Dec 5, 2011
Portfolio 2011
Flexibility in Contradictory landscape
Sequence of investigations to see, find and understand
flexibility in the Contradictory landscape in Nikel, and how
to adapt flexibility in this landscape.
By looking closer into every landscape I make an attempt to
grasp all of them as systems of information exchange,
understand the landscapes character, find enough information
to see and identify spaces in the landscapes to keep
them alive.
Contradictory landscape
Sequence of investigations on the landscape in Nikel. The
first one takes on defining the landscape in Nikel. The
second concerns how the landscape is experienced from
different perspectives. In the third part we take a closer
look at how the these landscapes overlap over time from
different perspectives. These investigations are an attempt
to understand the “new hierarchies” as something that is
detachable, connectable, reversible and modifiable.
Dec 2, 2011
Alienated Му́рманск

After a long trip through the north of Norway it was a special experience to cross the historical borders of Norway and Russia, where you immediately feel the huge culture difference in these two countries. Suddenly we were in Nikel, and all its cruel presence of industry touched every sense of my body. I even felt how the ground collapsed under my feet when I was walking around in this wasteland.
With my mind full of thoughts around the question of the embodied beauty of Nikel, we went into the bus and kept on driving to Murmansk…

When we were approaching Murmansk we drove with the view over the city for a long time, and I instantly felt like I was in a movie where machines had taken over the city. I was entering the Machineworld.
With every inhale I took I could feel the breeze of coal and the pollution hovering around in the air, I felt how my lungs filled up with toxic waste. Even the colours around me seemed diffused because of the pollution.
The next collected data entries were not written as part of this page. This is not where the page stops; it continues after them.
Lemma sum_nth_take (f : nat -> nat) (r : seq nat) m :
  f 0 = 0 -> \sum_(i < m) f (nth 0 r i) = \sum_(x <- take m r) f x.
Proof.
move=> f0; elim: r m => [|x r IH] [|m].
- by rewrite big_ord0 big_nil.
- by rewrite big1 ?big_nil // => i _; rewrite nth_nil.
- by rewrite big_ord0 big_nil.
- by rewrite big_ord_recl /= big_cons IH.
Qed.

Lemma leq_sum_take (F : nat -> nat) (r : seq nat) k m :
  k <= m -> \sum_(x <- take k r) F x <= \sum_(x <- take m r) F x.
Proof.
move=> le_km; rewrite -(take_takel r le_km).
by rewrite -{2}(cat_take_drop k (take m r)) big_cat leq_addr.
Qed.

Lemma leq_sum_subseq_take (f : nat -> nat) (r t : seq nat) :
  {homo f : x y / x <= y} -> sorted geq r -> subseq t r ->
  \sum_(x <- t) f x <= \sum_(x <- take (size t) r) f x.
Proof.
move=> f_mono; elim: r t => [|x r IH] t; first by move=> _; rewrite subseq0 => /eqP ->.
move=> sorted_xr; have sorted_r := path_sorted sorted_xr.
have x_max : all (geq x) r.
  by apply: order_path_min sorted_xr => y z w /= le_zy le_wz; apply: leq_trans le_wz le_zy.
case: t => [|y t] //=; case: eqP => [-> sub | _ sub].
  by rewrite !big_cons leq_add2l IH.
apply: leq_trans (IH _ sorted_r sub) _; rewrite big_cons.
have [lt_tr | le_rt] := ltnP (size t) (size r).
  rewrite (take_nth 0 lt_tr) -cats1 big_cat /= big_seq1 addnC leq_add2r.
  exact/f_mono/(allP x_max)/mem_nth.
by rewrite !take_oversize ?leq_addl // (leq_trans le_rt).
Qed.

Section SignedGraph.
Variables (V E : finType) (ends : E -> V * V) (neg : E -> bool).
Lemma riccati_closed_form_lim : filterlim closed_form (Rbar_locally p_infty) (locally r).
Proof.
  apply filterlim_locally; intros eps.
  pose proof (cond_pos eps) as Heps.
  exists (Cmod c / (B * eps))%R; intros t Ht.
  assert (Ht0 : 0 <= t).
  { enough (0 <= Cmod c / (B * eps))%R by lra.
    apply Rdiv_le_0_compat; [apply Cmod_ge_0 | nra]. }
  apply C_NormedModule_mixin_compat1.
  replace (minus (closed_form t) r) with (c / G t)
    by (unfold closed_form, minus, plus, opp; simpl; ring).
  pose proof (G_growth t Ht0) as Hgrow.
  pose proof (Rmult_le_pos B t (Rlt_le _ _ B_pos) Ht0).
  rewrite Cmod_div by exact (G_neq0 t Ht0).
  apply Rlt_div_l; [lra |].
  apply Rlt_div_l in Ht; nra.
Qed.

Theorem riccati_ivp_converges_of_linearization : riccati_ivp_converges k a s.
Proof.
  split; [exists closed_form; exact riccati_closed_form_solves |].
  intros F HF; exists r.
  apply (filterlim_ext_loc closed_form); [| exact riccati_closed_form_lim].
  exists 0%R; intros t Ht; symmetry.
  exact (riccati_ivp_solution_eq_closed_form F HF t (Rlt_le _ _ Ht)).
Qed.

End RiccatiLinearization.

Lemma exists_sqrt_Re_pos (D : C) : (Im D = 0 -> 0 < Re D) -> exists mu, 0 < Re mu /\ mu * mu = D.
Proof.
  intros HD; destruct D as [p q]; unfold Re, Im in HD; simpl in HD.
  set (m := Cmod (p, q)).
  assert (Hm2 : (m * m = p * p + q * q)%R).
  { unfold m, Cmod; simpl; rewrite sqrt_sqrt; nra. }
  assert (Hm0 : 0 <= m) by apply Cmod_ge_0.
  assert (Hmp : 0 < m + p).
  { destruct (Req_dec q 0) as [Hq | Hq]; [specialize (HD Hq); nra |].
    assert (0 < q * q) by (apply Rsqr_pos_lt; exact Hq). nra. }
  set (x := sqrt ((m + p) / 2)).
  assert (Hx2 : (x * x = (m + p) / 2)%R) by (apply sqrt_sqrt; lra).
  assert (Hx : 0 < x) by (apply sqrt_lt_R0; lra).
  set (y := (q / (2 * x))%R).
  assert (Hxy : (2 * x * y = q)%R) by (unfold y; field; lra).
  assert (Hy2 : (y * y = (m - p) / 2)%R).
  { apply (Rmult_eq_reg_l (m + p)); [| lra].
    transitivity (2 * (x * x) * (y * y))%R; [rewrite Hx2; field |].
    transitivity ((2 * x * y) * (2 * x * y) / 2)%R; [field | rewrite Hxy; nra]. }
  exists (x, y); split; [exact Hx |].
  apply injective_projections; simpl; nra.
Qed.

Lemma Re_mul_Cconj_pos (a mu : C) :
  0 < Re a -> 0 < Re mu -> Im (mu * mu) = Im (a * a) -> 0 < Re (a * Cconj mu).
Proof.
  destruct a as [a1 a2], mu as [m1 m2]; unfold Re, Im; simpl; intros Ha Hm Hsq.
  assert (Hprod : (m1 * m2 = a1 * a2)%R) by lra.
  assert (0 <= a2 * m2 * a1)%R.
  { replace (a2 * m2 * a1)%R with (m2 * (m1 * m2))%R by (rewrite Hprod; ring); nra. }
  assert (0 <= a2 * m2)%R by nra.
  nra.
Qed.

Lemma Cmod_sub_lt_add (a b : C) : 0 < Re (a * Cconj b) -> Cmod (a - b) < Cmod (a + b).
Proof.
  destruct a as [a1 a2], b as [b1 b2]; unfold Re, Cmod; simpl; intros H.
  apply sqrt_lt_1_alt; rewrite !Rmult_1_r; split.
  - pose proof (Rle_0_sqr (a1 + - b1)); pose proof (Rle_0_sqr (a2 + - b2)); unfold Rsqr in *; lra.
  - lra.
Qed.

Lemma is_derive_RtoC (x : R) : is_derive (fun t : R => RtoC t) x (1 : C).
Proof.
  apply is_derive_C; unfold Re, Im; simpl; split; [apply (is_derive_id (K := R_AbsRing)) |].
  apply (is_derive_const (K := R_AbsRing) (V := R_NormedModule)).
Qed.

Lemma Cmod_affine_growth (a : C) (t : R) : Re a * t < Cmod (2 + a * t).
Proof.
  pose proof (re_le_Cmod (2 + a * t)) as H; pose proof (Rle_abs (Re (2 + a * t))).
  unfold Re in *; simpl in *; lra.
Qed.

Lemma Cmod_exp_growth (a mu : C) (t : R) :
  0 < Re mu -> Cmod (a - mu) < Cmod (a + mu) -> 0 <= t ->
  Cmod (a + mu) * Re mu / Cmod mu * t < Cmod (((a + mu) * Cexp (mu * t) - (a - mu)) / mu).
Proof.
  intros Hmu Hlt Ht.
  assert (Hmu0 : mu <> 0) by (intros H; rewrite H in Hmu; simpl in Hmu; lra).
  pose proof (proj1 (Cmod_gt_0 mu) Hmu0) as Hmod.
  rewrite Cmod_div by exact Hmu0.
  unfold Rdiv; rewrite Rmult_assoc, (Rmult_comm (/ Cmod mu)), <- Rmult_assoc.
  apply Rmult_lt_compat_r; [apply Rinv_0_lt_compat; exact Hmod |].
  pose proof (Cmod_triangle ((a + mu) * Cexp (mu * t) - (a - mu)) (a - mu)) as Htri.
  replace ((a + mu) * Cexp (mu * t) - (a - mu) + (a - mu)) with ((a + mu) * Cexp (mu * t)) in Htri
    by ring.
  rewrite Cmod_mult, Cmod_Cexp in Htri.
  replace (Re (mu * t)) with (Re mu * t)%R in Htri by (unfold Re; simpl; ring).
  pose proof (exp_ineq1_le (Re mu * t)).
  pose proof (Cmod_ge_0 (a - mu)).
  nra.
Qed.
The sounds around me were not pleasant, but bursts and boom noises from the machines on the harbor. I can hardly remember hearing an animal sound, nor the sound of the sea that the people in the city should have access to. I felt like the machines had placed people and all living things in an “appropriate” place for them. Like tools in a toolbox. When looked over the city it looked like the railway and the trains where some kind of border or a barrier between where the machines live and where the people were placed.
“Sight isolates, whereas sound incorporates; vision is directional, whereas sound is omni-directional.”
-Juhani Pallasmaa
Emerging Arctic Landscapes
The objective of the studio is to create a platform for critical discussions on the changes currently taking place in the Arctic region. These are changes in climate, ecologies, landscapes, economy, societies and cultures - changes that by all accounts can be expected to accelerate in the close future.
The studio will arise along a road trip from Hammerfest to Murmansk - a slow journey in a cross section of remote arctic landscape and intrusive development: From the oil-driven growth of Hammerfest (from fish to oil – and the resurrection of the city after WWII), via the new urbanization of Alta, the barely surviving sami culture in Kautokeino and Karasjok, the decaying and mythical city of Vardø, and the abandoned fishing village of Hamningberg. The trip takes us to the pending economy in Kirkenes, the destructed landscapes of Bjørnevatn – crossing the Russian border into the remote and desolated landscapes, cities and settlements on the Kola-peninsula - via the extremely heavy polluted nature in Nikkel, the trip will end in Murmansk – a city in transformation, from a soviet military stronghold – to a modern and emerging economy, waiting for the oil to arrive.